# Unit of Coefficient of Viscosity

## Unit of Coefficient of Viscosity

What is Coefficient of Viscosity?

Coefficient of viscosity is defined for two parallel layers of liquid as the tangential force required to maintain a unit velocity gradients between these layers and also we can say that it is the ratio of shear stress to the velocity gradient of the fluid.

Mathematical representation is:

$$Co-efficient\,\,of\,\,Vis\cos ity(\eta )=\frac{Fr}{Av}$$,

Where,

$$\eta$$ = Co – efficient of Viscosity,

$$F$$ = Tangential Force,

$$A$$ = Area,

$$v$$ = Velocity,

$$r$$ = Distance between the layers.

Unit of Coefficient of Viscosity?

Following is the unit of coefficient of viscosity in different systems:

SI Unit: $$Ns/{{m}^{2}}$$.

Dimensional formula of Coefficient of Viscosity:

$$Co-efficient\,\,of\,\,Vis\cos ity(\eta )=\frac{Fr}{Av}$$.

Now, the dimensional formula of force (F): $${{M}^{1}}{{L}^{1}}{{T}^{-2}}$$.

Dimensional formula of velocity (v): $${{M}^{0}}{{L}^{1}}{{T}^{-1}}$$.

Dimensional formula of distance(r): $${{M}^{0}}{{L}^{1}}{{T}^{0}}$$.

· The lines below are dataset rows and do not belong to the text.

Lemma quotient_iso_Fseq : quotient_iso Fkernel d hull_add pi.
Proof.
split; last by move=> A /Fseq_open.
split => //; first exact: hull_Fseq.
- by move=> y; rewrite hullE => -[a _ <-]; exists a.
- by move=> a b; rewrite hull_addE.
- exact: Fseq_continuous.
Qed.

Hypothesis tdOm : totally_disconnected [set: Om].

Lemma hull_totally_disconnected : totally_disconnected (hull d).
Proof.
move=> x Hx; apply/seteqP; split=> [y [C [Cx CH cC] Cy]|_ ->]; last first.
  exact: connected_component_refl.
apply: contrapT => yx.
have [a _ pa] : range pi x by rewrite -hullE.
have [b _ pb] : range pi y by rewrite -hullE; exact: CH.
have [cK K0 KB] := Fkernel_closed_subgroup.
have /(open_subgroup_separate cOm tdOm cK (conj K0 KB)) [W [sW nW KW nWba]] : ~ Fkernel (b - a).
  by move/(Fseq_eqE b a); rewrite pa pb; exact: yx.
pose S := +%R (- a) @^-1` W.
have oS : open S.
  exact: (continuousP _).1 (addr_continuous (- a)) _ (open_subgroup_open sW nW).
have cS : closed S.
  by apply: preimage_closed (open_subgroup_closed sW nW) => z _; exact: addr_continuous.
have Ssat z z' : S z -> pi z' = pi z -> S z'.
  move=> Sz /(Fseq_eqE z' z) /KW Wz; have := subgroupD sW Sz Wz.
  by rewrite /S /= [z' - z]addrC addrA addrK.
have cpS : closed (pi @` S).
  apply: compact_closed (@seqZ_hausdorff R) _.
  exact: continuous_compact (continuous_subspaceT Fseq_continuous) (subclosed_compact cS cOm _).
have [B oB eB] := Fseq_open oS.
have CS : C `&` pi @` S = C.
  apply: cC; last by exists (pi @` S).
    by exists x; split => //; exists a => //; rewrite /S /= addNr; exact: sW.1.
  by exists B => //; rewrite eB setIA setIAC (setIidl CH).
have [s Ss ps] : (pi @` S) y by move: Cy; rewrite -CS => -[].
have := Ssat s b Ss (etrans pb (esym ps)).
by rewrite /S /= addrC; exact: nWba.
Qed.

Hypothesis lpOm : forall x : Om, limit_point [set: Om] x.

Lemma Fkernel_nbhs_finite : nbhs 0 Fkernel ->
  exists p : nat, forall x, hull d x -> exists2 j : nat, (j < p)%N & x = pi (w0 *+ j).
Proof.
have [cK K0 KB] := Fkernel_closed_subgroup.
move=> /(open_subgroup_cosets minT lpOm (closed_point tdOm 0) (conj K0 KB)) [p _ hp].
exists p => x; rewrite hullE => -[a _ <-]; have [j jp Kj] := hp a.
by exists j => //; apply/Fseq_eqE.
Qed.

Lemma hull_finite_Fkernel_nbhs : finite_set (hull d) -> nbhs 0 Fkernel.
Proof.
move=> fin; have /closed_openC oP := seqZ_closed_finite (finite_setIl (~` [set d]) fin).
have /open_nbhs_nbhs : open_nbhs 0 (pi @^-1` (~` (hull d `&` ~` [set d]))).
  split; first exact: (continuousP _).1 Fseq_continuous _ oP.
  by case=> _; apply.
by apply: filterS => z /= nz; apply: contrapT => Kz; apply: nz; split; [exact: hull_Fseq|].
Qed.

Lemma hull_limit_point x : ~ finite_set (hull d) -> hull d x -> limit_point (hull d) x.
Proof.
move=> nfin Hx U nU; apply: contrapT => nUx.
have Ux y : hull d y -> U y -> y = x.
  by move=> Hy Uy; apply: contrapT => /eqP yx; apply: nUx; exists y.
have [a _ pa] : range pi x by rewrite -hullE.
have nK : nbhs 0 Fkernel.
  rewrite -pa in nU; apply: filterS (nbhs_translate 0 (Fseq_continuous _ _ nU)) => z /=.
  rewrite subr0 => Uz; have := (Fseq_eqE (z + a) a).1; rewrite addrK; apply.
  by rewrite pa; apply: Ux Uz; exact: hull_Fseq.
apply: nfin; have [p hp] := Fkernel_nbhs_finite nK.
apply: (sub_finite_set _ (finite_image (fun j => pi (w0 *+ j)) (finite_II p))).
by move=> y /hp [j jp ->]; exists j.
Qed.

Lemma hull_iter_add k : iter k (hull_add (pi w0)) d = pi (w0 *+ k).
Proof. by elim: k => [|k IHk]; rewrite ?mulr0n // iterS IHk hull_addE mulrS. Qed.

Lemma hull_cantor_or_cyclic : hull_cantor d hull_add \/ hull_finite_cyclic d hull_add.
Proof.
have [fin|nfin] := pselect (finite_set (hull d)).
  right; split => //; exists (pi w0); first exact: hull_Fseq.
  have [p hp] := Fkernel_nbhs_finite (hull_finite_Fkernel_nbhs fin).
  by move=> x /hp [j _ ->]; exists j; rewrite hull_iter_add.
left; split.
- by move=> x y; rewrite hullE => -[a _ <-] [b _ <-]; rewrite !hull_addE addrC.
- by rewrite hullE; exact: continuous_compact (continuous_subspaceT Fseq_continuous) cOm.
- exact: hull_totally_disconnected.
- by move=> x; exact: hull_limit_point.
Qed.

End hull.

Lemma exists_least_nat {P : nat -> Prop} : (exists n, P n) ->
  exists n, P n /\ forall m, (m < n)%N -> ~ P m.
Proof.
move=> [n Pn].
have [m /asboolP Pm mmin] := ex_minnP (ex_intro (fun n => `[< P n >]) n (asboolT Pn)).
by exists m; split => // k km /asboolP /mmin; rewrite leqNgt km.
Qed.

Section inv_least.
Context {R : realType}.

Definition inv_least (P : nat -> Prop) : R :=
  if pselect (exists n, P n) then
    (xget 0%N [set n | P n /\ forall m, (m < n)%N -> ~ P m]).+1%:R^-1
  else 0.

Lemma inv_leastE {P n} : P n -> (forall m, (m < n)%N -> ~ P m) -> inv_least P = n.+1%:R^-1.
Proof.
move=> Pn nmin; rewrite /inv_least; case: pselect => [ex /=|]; last by case; exists n.
have := xgetPex 0%N (exists_least_nat ex); set m := xget _ _ => -[Pm mmin].
suff -> : m = n by [].
apply/eqP; rewrite eqn_leq; apply/andP; split; rewrite leqNgt; apply/negP.
  by move/mmin; apply.
by move/nmin; apply.
Qed.

Lemma inv_least_eq0 P : inv_least P = 0 <-> forall n, ~ P n.
Proof.
split=> [P0 n Pn|noP]; last first.
  by rewrite /inv_least; case: pselect => // ex; exfalso; have [n /noP] := ex.
have [m [Pm mmin]] := exists_least_nat (ex_intro _ n Pn).
by move: P0; rewrite (inv_leastE Pm mmin) => /eqP; rewrite invr_eq0 pnatr_eq0.
Qed.

Lemma inv_least_eq {P Q m} : P m -> (forall n, (n <= m)%N -> P n <-> Q n) ->
  inv_least P = inv_least Q.
Proof.
move=> Pm PQ; have [k [Pk kmin]] := exists_least_nat (ex_intro _ m Pm).
have km : (k <= m)%N by rewrite leqNgt; apply/negP => /kmin.
have kminQ n : (n < k)%N -> ~ Q n.
  by move=> nk /PQ-/(_ (ltnW (leq_trans nk km))) /(kmin _ nk).
by rewrite (inv_leastE Pk kmin) (inv_leastE ((PQ _ km).1 Pk) kminQ).
Qed.

Lemma inv_least_ge {P M} : (forall m, (m < M)%N -> ~ P m) ->
  inv_least P = 0 \/ exists2 n, (M <= n)%N & inv_least P = n.+1%:R^-1.
Proof.
move=> Pmin; have [ex|noP] := pselect (exists n, P n); last first.
  by left; apply/inv_least_eq0 => n Pn; apply: noP; exists n.
have [n [Pn nmin]] := exists_least_nat ex; right; exists n; last exact: inv_leastE.
by rewrite leqNgt; apply/negP => /Pmin.
Qed.

End inv_least.

Section separating_function.
Context {R : realType} {Om : topologicalZmodType} (w0 : Om) (N : set Om).

Local Notation G p := (closed_multiples (w0 *+ p)).

(* Every open subgroup containing N is closed_multiples (w0 *+ p) for some
   admissible p, by open_subgroup_multiples. *)
Definition admissible (p : nat) := [/\ is_subgroup (G p), nbhs 0 (G p) & N `<=` G p].
Definition separating (x : Om) (p : nat) := admissible p /\ ~ G p x.
Definition sep_fun (x : Om) : R := inv_least (separating x).

Lemma sep_fun0 : sep_fun 0 = 0.
Proof. by apply/inv_least_eq0 => p [[sG _ _]]; apply; exact: sG.1. Qed.

Lemma near_separating x M :
  \forall y \near x, forall q, (q <= M)%N -> (separating y q <-> separating x q).
Proof.
have near_q q : \forall y \near x, separating y q <-> separating x q.
  have [[sG nG NG]|nadm] := pselect (admissible q); last by apply: nearW => y; split=> -[].
  suff : \forall y \near x, G q y <-> G q x.
    by apply: filterS => y GyGx; rewrite /separating GyGx.
  have [Gx|nGx] := pselect (G q x).
    by apply: filterS (open_subgroup_nbhs sG nG Gx) => y Gy.
  have : nbhs x (~` G q).
    by apply: open_nbhs_nbhs; split => //; exact/closed_openC/open_subgroup_closed.
  by apply: filterS => y nGy.
have : \forall y \near x, forall i : 'I_M.+1, separating y i <-> separating x i.
  by apply: filter_forall => i; exact: near_q.
by apply: filterS => y agree q; rewrite -ltnS => qM; exact: (agree (Ordinal qM)).
Qed.

Lemma sep_fun_continuous : continuous sep_fun.
Proof.
move=> x; apply/cvgrPdist_lt => e e0.
have [/exists_least_nat [m [sxm mmin]]|nosep] := pselect (exists p, separating x p).
  apply: filterS (near_separating x m) => y agree.
  by rewrite /sep_fun (inv_least_eq sxm (fun n nm => iff_sym (agree n nm))) subrr normr0.
have fx0 : sep_fun x = 0 by apply/inv_least_eq0 => n sxn; apply: nosep; exists n.
case: (near_infty_natSinv_lt (PosNum e0)) => M _ hM.
apply: filterS (near_separating x M) => y agree; rewrite fx0 sub0r normrN.
have noy q : (q < M.+1)%N -> ~ separating y q.
  by rewrite ltnS => qM /(agree q qM) sxq; apply: nosep; exists q.
rewrite /sep_fun; have [->|[n Mn ->]] := @inv_least_ge R _ _ noy.
  by rewrite normr0.
by rewrite ger0_norm ?invr_ge0 ?ler0n //; apply: hM; rewrite /= ltnW.
Qed.

Lemma sep_fun_addN x n : N n -> sep_fun (x + n) = sep_fun x.
Proof.
move=> Nn; rewrite /sep_fun (_ : separating (x + n) = separating x) //.
apply/funext => p; apply/propext; split => -[[sG nG NG] nGx]; split => // Gx; apply: nGx.
  by have := subgroupD sG Gx (NG _ Nn).
by have := subgroupD sG Gx (subgroupN sG (NG _ Nn)); rewrite addrK.
Qed.

Hypotheses (cN : closed_subgroup N) (cOm : compact [set: Om])
  (tdOm : totally_disconnected [set: Om]) (minT : minimal_translation w0)
  (lpOm : forall x : Om, limit_point [set: Om] x).

Lemma separating_exists x : ~ N x -> exists p, separating x p.
Proof.
have [clN N0 NB] := cN.
move=> /(open_subgroup_separate cOm tdOm clN (conj N0 NB)) [W [sW nW NW nWx]].
have [k k0 Wk] := open_subgroup_multiple minT lpOm (closed_point tdOm 0) sW nW.
have [p [[p0 Wp] pmin]] :=
  exists_least_nat (ex_intro (fun p => (0 < p)%N /\ W (w0 *+ p)) k (conj k0 Wk)).
have WG := open_subgroup_multiples minT sW nW p0 Wp (fun q q0 qp Wq => pmin q qp (conj q0 Wq)).
by exists p; rewrite /separating /admissible -WG.
Qed.

Lemma Fkernel_sep_fun : Fkernel w0 sep_fun = N.
Proof.
apply/seteqP; split => x.
  move/(congr1 (fun s => s 0)); rewrite /Fseq !mulr0z !addr0 sep_fun0 => /inv_least_eq0 nosep.
  by apply: contrapT => /separating_exists [p /nosep].
by move=> Nx; apply/funext => n; rewrite /Fseq add0r [x + _]addrC sep_fun_addN.
Qed.

End separating_function.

Dimensional formula of area (A): $${{M}^{0}}{{L}^{2}}{{T}^{0}}$$.

Now,

$$Co-efficient\,\,of\,\,Vis\cos ity(\eta )=\frac{Fr}{Av}=\frac{\left( {{M}^{1}}{{L}^{1}}{{T}^{-2}} \right)\left( {{M}^{0}}{{L}^{1}}{{T}^{0}} \right)}{\left( {{M}^{0}}{{L}^{2}}{{T}^{0}} \right)\left( {{M}^{0}}{{L}^{1}}{{T}^{-1}} \right)}=\left[ {{M}^{1}}{{L}^{-1}}{{T}^{-1}} \right]$$.

Therefore, the dimensional formula of Co – efficient of Viscosity is $$\left[ {{M}^{1}}{{L}^{-1}}{{T}^{-1}} \right]$$.